Yes, you're right. I'm going to fix that...

Thanks,
Laurent


Re: [Qemu-devel] [PATCH] numa, spapr: align default numa node memory size to 256MB
Posted by Thomas Huth 7 years, 1 month ago
On 20.03.2017 12:24, Laurent Vivier wrote:
> Since commit 224245b ("spapr: Add LMB DR connectors"), NUMA node
> memory size must be aligned to 256MB (SPAPR_MEMORY_BLOCK_SIZE).
> 
> But when "-numa" option is provided without "mem" parameter,
> the memory is equally divided between nodes, but 8MB aligned.
> This can be not valid for pseries.
> 
> In that case we can have:
> $ ./ppc64-softmmu/qemu-system-ppc64 -m 4G -numa node -numa node -numa node
> qemu-system-ppc64: Node 0 memory size 0x55000000 is not aligned to 256 MiB
> 
> With this patch, we have:
> (qemu) info numa
> 3 nodes
> node 0 cpus: 0
> node 0 size: 1280 MB
> node 1 cpus:
> node 1 size: 1280 MB
> node 2 cpus:
> node 2 size: 1536 MB
> 
> Signed-off-by: Laurent Vivier <lvivier@redhat.com>
> ---
>  dtc    |  2 +-
>  numa.c | 14 +++++++++-----
>  2 files changed, 10 insertions(+), 6 deletions(-)
> 
> diff --git a/dtc b/dtc
> index 558cd81..fa8bc7f 160000
> --- a/dtc
> +++ b/dtc
> @@ -1 +1 @@
> -Subproject commit 558cd81bdd432769b59bff01240c44f82cfb1a9d
> +Subproject commit fa8bc7f928ac25f23532afc8beb2073efc8fb063

Accidential change?

> diff --git a/numa.c b/numa.c
> index e01cb54..a911284 100644
> --- a/numa.c
> +++ b/numa.c
> @@ -337,15 +337,19 @@ void parse_numa_opts(MachineClass *mc)
>          }
>          if (i == nb_numa_nodes) {
>              uint64_t usedmem = 0;
> -
> -            /* On Linux, each node's border has to be 8MB aligned,
> -             * the final node gets the rest.
> -             */
> +#if defined(TARGET_PPC64)
> +            /* pseries requests each node's border has to be 256 MB aligned */
> +            const uint64_t numa_mem_align_mask = ~((1 << 28UL) - 1);
> +#else
> +            /* On Linux, each node's border has to be 8MB aligned */
> +            const uint64_t numa_mem_align_mask = ~((1 << 23UL)  - 1);
> +#endif

With that #if, you enable this for all ppc machines, not just for the
pseries machine.

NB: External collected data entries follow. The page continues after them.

(* Let $p:E\to B$ be a morphism in $\mathbf{CLS}$ that is surjective, and let $E'$ be a closure space with the same underlying set as $E$ such that the identity map $1_E:E'\to E$ is a morphism in $\mathbf{CLS}$ (i.e. $\overline{Y}'\subseteq\overline{Y}$ for all $Y\subseteq E$). Let $E\times_BE'=\{(e,e')\mid p(e)=p(e')\}$ be the pullback in $\mathbf{CLS}$ of $p:E\to B$ and $p\circ 1_E:E'\to B$. Then the following are equivalent: (a) there exists a descent data for $p$ of the form $(E',1_E,\xi)$; (b) there exists a unique descent data for $p$ of the form $(E',1_E,\xi)$; (c) $(E',1_E,\pi_1)$ is a descent data for $p$, where $\pi_1:E\times_BE'\to E'$ is $\pi_1(e,e')=e$; (d) the first projection $\pi_1:E\times_BE'\to E'$, $(e,e')\mapsto e$, is a morphism in $\mathbf{CLS}$; (e) $\overline{Y}\cap p^{-1}\big(p(\overline{p^{-1}(p(Y))}')\big)\subseteq\overline{Y}'$ for all $Y\subseteq E$; (f) $\overline{Y}\cap p^{-1}\big(p(\overline{p^{-1}(p(Y))}')\big)=\overline{Y}'$ for all $Y\subseteq E$; (g) $\overline{Y}\cap p^{-1}\big(p(\overline{p^{-1}(p(Y))}')\big)\subseteq Y$ for all $Y\in\mathcal{C}_{E'}$; (h) $\overline{Y}\cap p^{-1}\big(p(\overline{p^{-1}(p(Y))}')\big)=Y$ for all $Y\in\mathcal{C}_{E'}$.
   Context: A closure space is a pair $(A,\mathcal{C}_A)$ where $A$ is a set and $\mathcal{C}_A$ is a set of subsets of $A$ closed under arbitrary intersections (so $A\in\mathcal{C}_A$); elements of $\mathcal{C}_A$ are called closed. The category $\mathbf{CLS}$ has closure spaces as objects and, as morphisms $\alpha:A\to B$, maps with $\alpha^{-1}(B')\in\mathcal{C}_A$ for all $B'\in\mathcal{C}_B$. Pullbacks in $\mathbf{CLS}$ are set-theoretic pullbacks with closed sets $\pi_1^{-1}(E_0)\cap\pi_2^{-1}(A_0)$ for $E_0,A_0$ closed in the factors. Notation: for $Y\subseteq E$, $\overline{Y}$ is the closure in $E$ and $\overline{Y}'$ the closure in $E'$ (closure of $X$ in a space with closed sets $\mathcal{C}$ is $\bigcap_{X\subseteq C\in\mathcal{C}}C$). For a morphism $p:E\to B$ in a category with pullbacks, a descent data for $p$ is a triple $(C,\gamma,\xi)$ with $\gamma:C\to E$ and $\xi:E\times_BC\to C$, where $E\times_BC$ is the pullback of $p$ and $p\gamma$ with projections $\pi_1,\pi_2$, such that $\gamma\circ\xi=\pi_1$, $\xi\circ\langle\gamma,1_C\rangle=1_C$, and $\xi\circ(E\times_B\xi)=\xi\circ(E\times_B\pi_2)$ as morphisms $E\times_B(E\times_BC)\to C$ (in elements: $\xi(e,\xi(e',c))=\xi(e,c)$). *)

From mathcomp Require Import all_boot.
From mathcomp Require Import boolp classical_sets.
Set Implicit Arguments. Unset Strict Implicit. Unset Printing Implicit Defensive.
Local Open Scope classical_set_scope.

(* A closure system on A: a family of subsets closed under arbitrary
   intersections (the empty intersection gives A itself). *)
Definition closure_system (A : Type) (C : set (set A)) : Prop :=
  forall F : set (set A), F `<=` C -> C (\bigcap_(X in F) X).

Definition cls_mor (A B : Type) (CA : set (set A)) (CB : set (set B))
  (f : A -> B) : Prop :=
  forall B', CB B' -> CA (f @^-1` B').

Definition cl (A : Type) (C : set (set A)) (X : set A) : set A :=
  \bigcap_(Z in [set Z | C Z /\ X `<=` Z]) Z.

Definition pb (E C B : Type) (f : E -> B) (g : C -> B) : Type :=
  {x : E * C | f x.1 = g x.2}.

Definition pb_closed (E C B : Type) (f : E -> B) (g : C -> B)
  (CE : set (set E)) (CC : set (set C)) : set (set (pb f g)) :=
  [set Z | exists E0 A0, CE E0 /\ CC A0 /\
     Z = [set x : pb f g | E0 (sval x).1 /\ A0 (sval x).2]].

Arguments pb_closed {E C B} f g CE CC.

Definition descent_data (E B C : Type) (CE : set (set E)) (CB : set (set B))
  (p : E -> B) (CC : set (set C)) (gamma : C -> E)
  (xi : pb p (p \o gamma) -> C) : Prop :=
  [/\ cls_mor CC CE gamma,
      cls_mor (pb_closed p (p \o gamma) CE CC) CC xi,
      (forall x, gamma (xi x) = (sval x).1),
      (forall c : C, xi (exist _ (gamma c, c) erefl) = c) &
      (* xi (e, xi (e', c)) = xi (e, c) for all (e, (e', c)) in
         E x_B (E x_B C): here x = (e,c), z = (e',c), y = (e, xi z). *)
      (forall x y z : pb p (p \o gamma),
          (sval y).1 = (sval x).1 -> (sval y).2 = xi z ->
          (sval z).2 = (sval x).2 -> xi y = xi x)].

Arguments descent_data {E B C} CE CB p CC gamma xi.

From mathcomp Require Import all_boot.
From mathcomp Require Import boolp classical_sets.
Local Open Scope classical_set_scope.

(* Since [1_E] is the descent map, [gamma \o xi = pi1] forces [xi = pi1], so
   everything hinges on whether [pi1 : E x_B E' -> E'] is continuous.  A set
   of the pullback is closed iff it is cut out by closed sets of [E] and [E'];
   the smallest such neighbourhood of the graph of a closed [Y] of [E'] is
   [cl_E Y x cl_E' (p^-1 p Y)], whose first projection is the set
   [cl_E Y `&` p^-1 (p (cl_E' (p^-1 p Y)))].  Hence [pi1] is continuous iff
   this set collapses to [Y] for every closed [Y], and by monotonicity the
   same inclusion then holds with [cl_E' Y] on the right for arbitrary [Y]. *)

Section Closure.
Variables (A : Type) (C : set (set A)).

Lemma cl_sub X : X `<=` cl C X.
Proof. by move=> x Xx Z [_ XZ]; apply: XZ. Qed.

Lemma cl_closed X : closure_system C -> C (cl C X).
Proof. by move=> HC; apply: HC => Z []. Qed.

Lemma cl_min X Z : C Z -> X `<=` Z -> cl C X `<=` Z.
Proof. by move=> CZ XZ x; apply; split. Qed.

Lemma cl_mono X Y : X `<=` Y -> cl C X `<=` cl C Y.
Proof. by move=> XY x Hx Z [CZ YZ]; apply: Hx; split => // y /XY /YZ. Qed.

Lemma cl_id Y : closure_system C -> C Y -> cl C Y = Y.
Proof.
by move=> HC CY; apply/seteqP; split; [exact: cl_min | exact: cl_sub].
Qed.

End Closure.

Arguments cl_sub {A C X}.
Arguments cl_closed {A C} X.
Arguments cl_min {A C X Z}.
Arguments cl_mono {A C X Y}.

Lemma cl_finer (A : Type) (C C' : set (set A)) (X : set A) :
  closure_system C -> cls_mor C' C (fun a : A => a) -> cl C' X `<=` cl C X.
Proof.
by move=> HC idmor; apply: cl_min; [exact: (idmor _ (cl_closed _ HC)) | exact: cl_sub].
Qed.

Section Descent.
Variables (E B : Type) (CE CE' : set (set E)) (CB : set (set B)) (p : E -> B).

Local Notation pbE := (pb p (p \o (fun e : E => e))).
Local Notation fst_pb := (fun x : pbE => (sval x).1).

Definition descent_cl (Y : set E) : set E :=
  cl CE Y `&` p @^-1` (p @` cl CE' (p @^-1` (p @` Y))).

Lemma descent_cl_mono X Y : X `<=` Y -> descent_cl X `<=` descent_cl Y.
Proof.
move=> XY e [Xe [e' Xe' pe']]; split; first exact: cl_mono Xe.
by exists e' => //; apply: cl_mono Xe' => z [x /XY Yx pxz]; exists x.
Qed.

Lemma sub_descent_cl Y : Y `<=` descent_cl Y.
Proof. by move=> y Yy; split; [exact: cl_sub | exists y => //; apply: cl_sub; exists y]. Qed.

Lemma cl_sub_descent_cl Y :
  closure_system CE -> cls_mor CE' CE (fun e : E => e) ->
  cl CE' Y `<=` descent_cl Y.
Proof.
move=> HE idmor e Ye; split; first exact: cl_finer Ye.
by exists e => //; apply: cl_mono Ye => y Yy; exists y.
Qed.

Lemma descent_data_id_fst xi :
  descent_data CE CB p CE' (fun e : E => e) xi -> xi = fst_pb.
Proof. by move=> [_ _ xi_fst _ _]; apply: funext => x; rewrite xi_fst. Qed.

Lemma fst_pb_mor_descent_cl_sub :
  cls_mor (pb_closed p (p \o (fun e : E => e)) CE CE') CE' fst_pb ->
  forall Y, CE' Y -> descent_cl Y `<=` Y.
Proof.
move=> fst_mor Y CY e [Ye [e' Ye' pe']].
have [E0 [A0 [CE0 [CA0 defY]]]] := fst_mor Y CY.
have inY a b (h : p a = p b) : Y a <-> E0 a /\ A0 b.
  by have := congr1 (fun S => S (exist _ (a, b) h)) defY => /= ->.
apply/(inY e e' (esym pe')); split.
  by apply: (cl_min CE0 _ e Ye) => y /(inY y y erefl)[].
by apply: (cl_min CA0 _ e' Ye') => z [y Yy pyz]; case: ((inY y z pyz).1 Yy).
Qed.

Lemma descent_cl_sub_fst_pb_mor :
  closure_system CE -> closure_system CE' ->
  (forall Y, CE' Y -> descent_cl Y `<=` Y) ->
  cls_mor (pb_closed p (p \o (fun e : E => e)) CE CE') CE' fst_pb.
Proof.
move=> HE HE' desc_sub Y CY.
exists (cl CE Y), (cl CE' (p @^-1` (p @` Y))).
do 2 (split; first exact: cl_closed).
apply/seteqP; split => [[[a b] h] /= Ya|[[a b] h] /= [Ya Yb]].
  by split; [exact: cl_sub | apply: cl_sub; exists a].
by apply: desc_sub => //; split => //; exists b.
Qed.

Lemma descent_cl_sub_cl :
  closure_system CE' -> (forall Y, CE' Y -> descent_cl Y `<=` Y) ->
  forall Y, descent_cl Y `<=` cl CE' Y.
Proof.
move=> HE' desc_sub Y.
apply: subset_trans (desc_sub _ (cl_closed Y HE')).
by apply: descent_cl_mono; exact: cl_sub.
Qed.

Lemma descent_data_fst_pb :
  cls_mor CE' CE (fun e : E => e) ->
  cls_mor (pb_closed p (p \o (fun e : E => e)) CE CE') CE' fst_pb ->
  descent_data CE CB p CE' (fun e : E => e) fst_pb.
Proof. by move=> idmor fst_mor; split => // x y z ->. Qed.

End Descent.

Arguments descent_data_id_fst {E B CE CE' CB p xi}.

Theorem lemma4p1 (E B : Type) (CE CE' : set (set E)) (CB : set (set B))
  (p : E -> B) :
  closure_system CE -> closure_system CE' -> closure_system CB ->
  cls_mor CE CB p -> (forall b : B, exists e : E, p e = b) ->
  cls_mor CE' CE (fun e : E => e) ->
  [<-> (exists xi, descent_data CE CB p CE' (fun e : E => e) xi);
       (exists! xi, descent_data CE CB p CE' (fun e : E => e) xi);
       descent_data CE CB p CE' (fun e : E => e) (fun x => (sval x).1);
       cls_mor (pb_closed p (p \o (fun e : E => e)) CE CE') CE'
         (fun x : pb p (p \o (fun e : E => e)) => (sval x).1);
       (forall Y : set E,
          cl CE Y `&` p @^-1` (p @` cl CE' (p @^-1` (p @` Y))) `<=` cl CE' Y);
       (forall Y : set E,
          cl CE Y `&` p @^-1` (p @` cl CE' (p @^-1` (p @` Y))) = cl CE' Y);
       (forall Y : set E, CE' Y ->
          cl CE Y `&` p @^-1` (p @` cl CE' (p @^-1` (p @` Y))) `<=` Y);
       (forall Y : set E, CE' Y ->
          cl CE Y `&` p @^-1` (p @` cl CE' (p @^-1` (p @` Y))) = Y)].
Proof.
move=> HE HE' _ _ _ idmor.
tfae.
- case=> xi xi_dd; exists xi; split=> // xi' /descent_data_id_fst ->.
  by rewrite (descent_data_id_fst xi_dd).
- by case=> xi [xi_dd _]; rewrite -(descent_data_id_fst xi_dd).
- by case.
- by move/fst_pb_mor_descent_cl_sub; exact: descent_cl_sub_cl.
- move=> desc_sub Y; apply/seteqP; split; first exact: desc_sub.
  exact: cl_sub_descent_cl.
- by move=> desc_eq Y CY; rewrite desc_eq cl_id.
- move=> desc_sub Y CY; apply/seteqP; split; first exact: desc_sub.
  exact: sub_descent_cl.
- move=> desc_eq; exists (fun x => (sval x).1); apply: descent_data_fst_pb => //.
  by apply: descent_cl_sub_fst_pb_mor => // Y CY; rewrite /descent_cl desc_eq.
Qed.
Lemma string_of_coloringE (Y : Type) (psi : {set 'I_n} -> Y) (u : 'I_n) :
  sofc psi u.+1 = psi (comp u).
Proof.
rewrite /string_of_coloring /=; case: insubP => [u' _ e|]; last by rewrite ltn_ord.
by congr (psi (comp _)); apply: val_inj.
Qed.

Lemma coloring_of_stringE (Y : Type) (T : nat -> Y) (C : {set 'I_n}) (u : 'I_n) :
  u \in C -> {in C, forall v : 'I_n, T v.+1 = T u.+1} ->
  coloring_of_string T C = T u.+1.
Proof.
move=> hu H; rewrite /coloring_of_string.
by case: pickP => [w hw|/(_ u)]; [exact: H | rewrite hu].
Qed.

Lemma string_of_coloring_eq_edge (Y : Type) (psi : {set 'I_n} -> Y) i j :
  0 < i -> j <= n -> eq_edge F i j -> sofc psi i = sofc psi j.
Proof.
move=> hi hj he; have hij : i < j by case/andP: he.
have ui : i.-1 < n by lia.
have uj : j.-1 < n by lia.
rewrite -(prednK hi) -(prednK (leq_ltn_trans (leq0n _) hij)).
rewrite -[i.-1]/(val (Ordinal ui)) -[j.-1]/(val (Ordinal uj)).
rewrite !string_of_coloringE; congr psi; symmetry; apply: comp_eq.
by rewrite inE connect1 // /geq_rel /= !prednK ?he //; lia.
Qed.

Lemma coloring_of_string_of_coloring (Y : Type) (psi : {set 'I_n} -> Y) C :
  C \in comps -> coloring_of_string (sofc psi) C = psi C.
Proof.
case/compsP => u ->; rewrite (coloring_of_stringE (mem_comp u)).
  by rewrite string_of_coloringE.
by move=> v hv; rewrite !string_of_coloringE (comp_eq hv).
Qed.

Lemma nsym_string_of_coloring (Y : eqType) (psi : {set 'I_n} -> Y) :
  nsym n (sofc psi) = ncolors F psi.
Proof.
apply/perm_size/uniq_perm; rewrite ?undup_uniq // => x; rewrite !mem_undup.
apply/mapP/mapP => [[i hi ->] | [C hC ->]].
  have ui : i.-1 < n by move: hi; rewrite mem_iota; lia.
  have -> : i = (Ordinal ui).+1 by move: hi; rewrite mem_iota /=; lia.
  rewrite string_of_coloringE; exists (comp (Ordinal ui)) => //.
  by rewrite mem_enum comp_in_comps.
move: hC; rewrite mem_enum => /compsP [u ->].
by exists u.+1; rewrite ?string_of_coloringE // mem_iota; move: (ltn_ord u); lia.
Qed.

Lemma ncolors_le (psi : {set 'I_n} -> nat) k :
  {in comps, forall C, psi C < k} -> ncolors F psi <= k.
Proof.
move=> bd; rewrite /ncolors -(size_iota 0 k).
apply: uniq_leq_size (undup_uniq _) _ => x; rewrite mem_undup => /mapP [C hC ->].
by rewrite mem_iota /= add0n bd // -mem_enum.
Qed.

Lemma proper_coloring_index (Y : eqType) (psi : {set 'I_n} -> Y) (l : seq Y) :
  proper_coloring F psi -> {in comps, forall C, psi C \in l} ->
  proper_coloring F (fun C => index (psi C) l) /\
  {in comps, forall C, index (psi C) l < size l}.
Proof.
move=> pr hl; split=> [C C' hC hC' adj e | C hC]; last by rewrite index_mem hl.
exact: pr C C' hC hC' adj (index_inj (psi C) (hl _ hC) (hl _ hC') e).
Qed.

End Components.

Section ColoringsAndStrings.
Variables (X : eqType) (n : nat) (S : nat -> X).
Local Notation F := (fingerprint n S).
Local Notation A := (manacher n S).
Local Notation sofc := (string_of_coloring F).

Lemma fingerprint_inside a b : F a b -> inside n a b.
Proof. by case/and3P. Qed.

Lemma string_of_coloring_pal (Y : eqType) (psi : {set 'I_n} -> Y) a b :
  F a b -> pal (sofc psi) a b.
Proof.
move=> hF; case/and3P: (fingerprint_inside hF) => ha hab hb.
apply/palP => t ht; have [lt|gt|eq] := ltngtP t (a + b - t); last by rewrite -eq.
  apply: string_of_coloring_eq_edge; try lia.
  apply: (eq_edge_mirror (a := a)); first lia.
  by rewrite (_ : t + (a + b - t) - a = b) //; lia.
symmetry; apply: string_of_coloring_eq_edge; try lia.
apply: (eq_edge_mirror (a := a)); first lia.
by rewrite (_ : a + b - t + t - a = b) //; lia.
Qed.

So it might be cleaner to add a setting to the
MachineClass instead...?

>              for (i = 0; i < nb_numa_nodes - 1; i++) {
>                  numa_info[i].node_mem = (ram_size / nb_numa_nodes) &
> -                                        ~((1 << 23UL) - 1);
> +                                        numa_mem_align_mask;
>                  usedmem += numa_info[i].node_mem;
>              }
> +            /* the final node gets the rest. */
>              numa_info[i].node_mem = ram_size - usedmem;
>          }

 Thomas


Re: [Qemu-devel] [PATCH] numa, spapr: align default numa node memory size to 256MB
Posted by Laurent Vivier 7 years, 1 month ago
On 20/03/2017 12:31, Thomas Huth wrote:
> On 20.03.2017 12:24, Laurent Vivier wrote:
>> Since commit 224245b ("spapr: Add LMB DR connectors"), NUMA node
>> memory size must be aligned to 256MB (SPAPR_MEMORY_BLOCK_SIZE).
>>
>> But when "-numa" option is provided without "mem" parameter,
>> the memory is equally divided between nodes, but 8MB aligned.
>> This can be not valid for pseries.
>>
>> In that case we can have:
>> $ ./ppc64-softmmu/qemu-system-ppc64 -m 4G -numa node -numa node -numa node
>> qemu-system-ppc64: Node 0 memory size 0x55000000 is not aligned to 256 MiB
>>
>> With this patch, we have:
>> (qemu) info numa
>> 3 nodes
>> node 0 cpus: 0
>> node 0 size: 1280 MB
>> node 1 cpus:
>> node 1 size: 1280 MB
>> node 2 cpus:
>> node 2 size: 1536 MB
>>
>> Signed-off-by: Laurent Vivier <lvivier@redhat.com>
>> ---
>>  dtc    |  2 +-
>>  numa.c | 14 +++++++++-----
>>  2 files changed, 10 insertions(+), 6 deletions(-)
>>
>> diff --git a/dtc b/dtc
>> index 558cd81..fa8bc7f 160000
>> --- a/dtc
>> +++ b/dtc
>> @@ -1 +1 @@
>> -Subproject commit 558cd81bdd432769b59bff01240c44f82cfb1a9d
>> +Subproject commit fa8bc7f928ac25f23532afc8beb2073efc8fb063
> 
> Accidential change?
> 
>> diff --git a/numa.c b/numa.c
>> index e01cb54..a911284 100644
>> --- a/numa.c
>> +++ b/numa.c
>> @@ -337,15 +337,19 @@ void parse_numa_opts(MachineClass *mc)
>>          }
>>          if (i == nb_numa_nodes) {
>>              uint64_t usedmem = 0;
>> -
>> -            /* On Linux, each node's border has to be 8MB aligned,
>> -             * the final node gets the rest.
>> -             */
>> +#if defined(TARGET_PPC64)
>> +            /* pseries requests each node's border has to be 256 MB aligned */
>> +            const uint64_t numa_mem_align_mask = ~((1 << 28UL) - 1);
>> +#else
>> +            /* On Linux, each node's border has to be 8MB aligned */
>> +            const uint64_t numa_mem_align_mask = ~((1 << 23UL)  - 1);
>> +#endif
> 
> With that #if, you enable this for all ppc machines, not just for the
> pseries machine. So it might be cleaner to add a setting to the
> MachineClass instead...?
> 

I will rework that. But I thought the only PPC64 machine able to boot
with "-numa"  is pseries.

Thanks,
Laurent